**What you will do**
Your answer must be the records below, reproduced exactly.

**Excerpted data**

Lemma deltaL_tm (Sig : bimod B A) d (n : Sig) : lam (tm d n) = assoc_tmr n (DeltaD d).
Proof. by rewrite /deltaL tmap_tm //; solve_linear. Qed.

Lemma deltaL_tmap (Sig Sig' : bimod B A) (g : Sig -> Sig') x :
  lmap g -> lam (tmap id g x) = tmap id (tmap id g) (lam x).
Proof.
move=> hg; move: x; on_pure_tensors => d n.
rewrite tmap_tm; try solve_linear.
rewrite !deltaL_tm; move: (DeltaD d); on_pure_tensors => e f.
by rewrite /assoc_tmr; tensor_simp.
Qed.

(* On [d (x) n] both iterates of lambda are [tmapr (assoc_tmr n)] applied to
   an iterate of Delta_D at [d], so coassociativity of Delta_D transfers. *)
Lemma deltaL_assoc_tmr (Sig : bimod B A) (n : Sig) (y : tns ts D D) :
  lam (assoc_tmr n y) = tmapr (assoc_tmr n) (assoc (tmap DeltaD id y)).
Proof.
move: y; on_pure_tensors => e f; rewrite /assoc_tmr; tensor_simp.
rewrite deltaL_tm; move: (DeltaD e); on_pure_tensors => u v.
by rewrite /assoc_tmr; tensor_simp.
Qed.

Lemma tmap_deltaL_assoc_tmr (Sig : bimod B A) (n : Sig) (y : tns ts D D) :
  tmap id lam (assoc_tmr n y) = tmapr (assoc_tmr n) (tmap id DeltaD y).
Proof. by move: y; on_pure_tensors => e f; rewrite /assoc_tmr; tensor_simp; rewrite deltaL_tm. Qed.

Lemma deltaL_coassoc (Sig : bimod B A) (x : tns ts D Sig) :
  tmap id lam (lam x) = lam (lam x).
Proof.
move: x; on_pure_tensors => d n.
by rewrite deltaL_tm tmap_deltaL_assoc_tmr deltaL_assoc_tmr DeltaD_coassoc.
Qed.

Lemma deltaL_assocV (Sig : bimod B A) (C : bimod A A) (z : tns ts D (tns ts Sig C)) :
  tmap lam id (assocV z) = assocV (tmap id assocV (lam z)).
Proof.
move: z; on_pure_tensors3 => d n c; tensor_simp.
rewrite !deltaL_tm; move: (DeltaD d); on_pure_tensors => e f.
by rewrite /assoc_tmr; tensor_simp.
Qed.

Lemma rhoR_bimap (C : bimod A A) (Sig : bimod B A) (s : tns ts D Sig -> tns ts Sig C) :
  bimap s -> bimap (rhoR DeltaD s).
Proof. by move=> hs; rewrite /rhoR; solve_linear. Qed.
Hint Resolve rhoR_bimap : linear.

Lemma deltaL_rhoR (C : bimod A A) (Sig : bimod B A) (s : tns ts D Sig -> tns ts Sig C)
  (x : tns ts D Sig) : bimap s ->
  tmap lam id (rhoR DeltaD s x) = assocV (tmap id (rhoR DeltaD s) (lam x)).
Proof.
move=> hs; rewrite {1}/rhoR deltaL_assocV deltaL_tmap; last by solve_linear.
by rewrite -deltaL_coassoc !tmap_compr //; solve_linear.
Qed.

Lemma counitL_tmap (M N : bimod B A) (g : M -> N) (y : tns ts D M) :
  lmap g -> counitL (tmap id g y) = g (counitL y).
Proof.
move=> hg; move: y; on_pure_tensors => e m; rewrite /counitL; tensor_simp.
by case: hg => _ ->.
Qed.

Lemma counitL_assocV (M Sig : bimod B A) (C : bimod A A) (g : M -> tns ts Sig C)
  (y : tns ts D M) : lmap g -> tmap counitL id (assocV (tmap id g y)) = g (counitL y).
Proof.
move=> hg; move: y; on_pure_tensors => e m; rewrite /counitL; tensor_simp.
case: hg => _ ->; move: (g m); on_pure_tensors => n c.
by tensor_simp; rewrite tm_lact.
Qed.

Lemma counitL_deltaL (Sig : bimod B A) (x : tns ts D Sig) : counitL (lam x) = x.
Proof.
move: x; on_pure_tensors => d n; rewrite deltaL_tm.
rewrite -[in RHS](DeltaD_counitl d); move: (DeltaD d); on_pure_tensors => e f.
by rewrite /assoc_tmr /counitL; tensor_simp; rewrite tm_lact.
Qed.

Lemma deltaL_counitL (Sig : bimod B A) (x : tns ts D Sig) : tmap id counitL (lam x) = x.
Proof.
move: x; on_pure_tensors => d n; rewrite deltaL_tm.
rewrite -[in RHS](DeltaD_counitr d); move: (DeltaD d); on_pure_tensors => e f.
by rewrite /assoc_tmr /counitL; tensor_simp; rewrite tm_balanced.
Qed.

Lemma counitL_rhoR (C : bimod A A) (Sig : bimod B A) (s : tns ts D Sig -> tns ts Sig C)
  (x : tns ts D Sig) : bimap s -> tmap counitL id (rhoR DeltaD s x) = s x.
Proof. by move=> hs; rewrite /rhoR counitL_assocV ?counitL_deltaL //; solve_linear. Qed.

Section TwoCells.
Variables (C : bimod A A) (Sig Sig' : bimod B A).
Variables (s : tns ts D Sig -> tns ts Sig C) (s' : tns ts D Sig' -> tns ts Sig' C).
Hypotheses (s_bimap : bimap s) (s'_bimap : bimap s').

Lemma cell_to_map_bicolinear a :
  two_cell DeltaD s s' a -> bicolinear DeltaD s s' (cell_to_map DeltaD a).
Proof.
rewrite /cell_to_map => -[a_bimap a_cell]; split; first by solve_linear.
- move=> x; rewrite -tmap_compr ?deltaL_coassoc -?deltaL_tmap //; solve_linear.
- move=> x; rewrite -tmap_compl ?deltaL_rhoR -?assocV_tmap ?tmap_compr; try solve_linear.
  rewrite (eq_tmapr (g' := fun z => s' (tmap id a (lam z)))) ?/rhoR ?deltaL_tmap //;
    try solve_linear.
  by rewrite -deltaL_coassoc !tmap_compr //; solve_linear.
Qed.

**Response below**
Lemma deltaL_tm (Sig : bimod B A) d (n : Sig) : lam (tm d n) = assoc_tmr n (DeltaD d).
Proof. by rewrite /deltaL tmap_tm //; solve_linear. Qed.

Lemma deltaL_tmap (Sig Sig' : bimod B A) (g : Sig -> Sig') x :
  lmap g -> lam (tmap id g x) = tmap id (tmap id g) (lam x).
Proof.
move=> hg; move: x; on_pure_tensors => d n.
rewrite tmap_tm; try solve_linear.
rewrite !deltaL_tm; move: (DeltaD d); on_pure_tensors => e f.
by rewrite /assoc_tmr; tensor_simp.
Qed.

(* On [d (x) n] both iterates of lambda are [tmapr (assoc_tmr n)] applied to
   an iterate of Delta_D at [d], so coassociativity of Delta_D transfers. *)
Lemma deltaL_assoc_tmr (Sig : bimod B A) (n : Sig) (y : tns ts D D) :
  lam (assoc_tmr n y) = tmapr (assoc_tmr n) (assoc (tmap DeltaD id y)).
Proof.
move: y; on_pure_tensors => e f; rewrite /assoc_tmr; tensor_simp.
rewrite deltaL_tm; move: (DeltaD e); on_pure_tensors => u v.
by rewrite /assoc_tmr; tensor_simp.
Qed.

Lemma tmap_deltaL_assoc_tmr (Sig : bimod B A) (n : Sig) (y : tns ts D D) :
  tmap id lam (assoc_tmr n y) = tmapr (assoc_tmr n) (tmap id DeltaD y).
Proof. by move: y; on_pure_tensors => e f; rewrite /assoc_tmr; tensor_simp; rewrite deltaL_tm. Qed.

Lemma deltaL_coassoc (Sig : bimod B A) (x : tns ts D Sig) :
  tmap id lam (lam x) = lam (lam x).
Proof.
move: x; on_pure_tensors => d n.
by rewrite deltaL_tm tmap_deltaL_assoc_tmr deltaL_assoc_tmr DeltaD_coassoc.
Qed.

Lemma deltaL_assocV (Sig : bimod B A) (C : bimod A A) (z : tns ts D (tns ts Sig C)) :
  tmap lam id (assocV z) = assocV (tmap id assocV (lam z)).
Proof.
move: z; on_pure_tensors3 => d n c; tensor_simp.
rewrite !deltaL_tm; move: (DeltaD d); on_pure_tensors => e f.
by rewrite /assoc_tmr; tensor_simp.
Qed.

Lemma rhoR_bimap (C : bimod A A) (Sig : bimod B A) (s : tns ts D Sig -> tns ts Sig C) :
  bimap s -> bimap (rhoR DeltaD s).
Proof. by move=> hs; rewrite /rhoR; solve_linear. Qed.
Hint Resolve rhoR_bimap : linear.

Lemma deltaL_rhoR (C : bimod A A) (Sig : bimod B A) (s : tns ts D Sig -> tns ts Sig C)
  (x : tns ts D Sig) : bimap s ->
  tmap lam id (rhoR DeltaD s x) = assocV (tmap id (rhoR DeltaD s) (lam x)).
Proof.
move=> hs; rewrite {1}/rhoR deltaL_assocV deltaL_tmap; last by solve_linear.
by rewrite -deltaL_coassoc !tmap_compr //; solve_linear.
Qed.

Lemma counitL_tmap (M N : bimod B A) (g : M -> N) (y : tns ts D M) :
  lmap g -> counitL (tmap id g y) = g (counitL y).
Proof.
move=> hg; move: y; on_pure_tensors => e m; rewrite /counitL; tensor_simp.
by case: hg => _ ->.
Qed.

Lemma counitL_assocV (M Sig : bimod B A) (C : bimod A A) (g : M -> tns ts Sig C)
  (y : tns ts D M) : lmap g -> tmap counitL id (assocV (tmap id g y)) = g (counitL y).
Proof.
move=> hg; move: y; on_pure_tensors => e m; rewrite /counitL; tensor_simp.
case: hg => _ ->; move: (g m); on_pure_tensors => n c.
by tensor_simp; rewrite tm_lact.
Qed.

Lemma counitL_deltaL (Sig : bimod B A) (x : tns ts D Sig) : counitL (lam x) = x.
Proof.
move: x; on_pure_tensors => d n; rewrite deltaL_tm.
rewrite -[in RHS](DeltaD_counitl d); move: (DeltaD d); on_pure_tensors => e f.
by rewrite /assoc_tmr /counitL; tensor_simp; rewrite tm_lact.
Qed.

Lemma deltaL_counitL (Sig : bimod B A) (x : tns ts D Sig) : tmap id counitL (lam x) = x.
Proof.
move: x; on_pure_tensors => d n; rewrite deltaL_tm.
rewrite -[in RHS](DeltaD_counitr d); move: (DeltaD d); on_pure_tensors => e f.
by rewrite /assoc_tmr /counitL; tensor_simp; rewrite tm_balanced.
Qed.

Lemma counitL_rhoR (C : bimod A A) (Sig : bimod B A) (s : tns ts D Sig -> tns ts Sig C)
  (x : tns ts D Sig) : bimap s -> tmap counitL id (rhoR DeltaD s x) = s x.
Proof. by move=> hs; rewrite /rhoR counitL_assocV ?counitL_deltaL //; solve_linear. Qed.

Section TwoCells.
Variables (C : bimod A A) (Sig Sig' : bimod B A).
Variables (s : tns ts D Sig -> tns ts Sig C) (s' : tns ts D Sig' -> tns ts Sig' C).
Hypotheses (s_bimap : bimap s) (s'_bimap : bimap s').

Lemma cell_to_map_bicolinear a :
  two_cell DeltaD s s' a -> bicolinear DeltaD s s' (cell_to_map DeltaD a).
Proof.
rewrite /cell_to_map => -[a_bimap a_cell]; split; first by solve_linear.
- move=> x; rewrite -tmap_compr ?deltaL_coassoc -?deltaL_tmap //; solve_linear.
- move=> x; rewrite -tmap_compl ?deltaL_rhoR -?assocV_tmap ?tmap_compr; try solve_linear.
  rewrite (eq_tmapr (g' := fun z => s' (tmap id a (lam z)))) ?/rhoR ?deltaL_tmap //;
    try solve_linear.
  by rewrite -deltaL_coassoc !tmap_compr //; solve_linear.
Qed.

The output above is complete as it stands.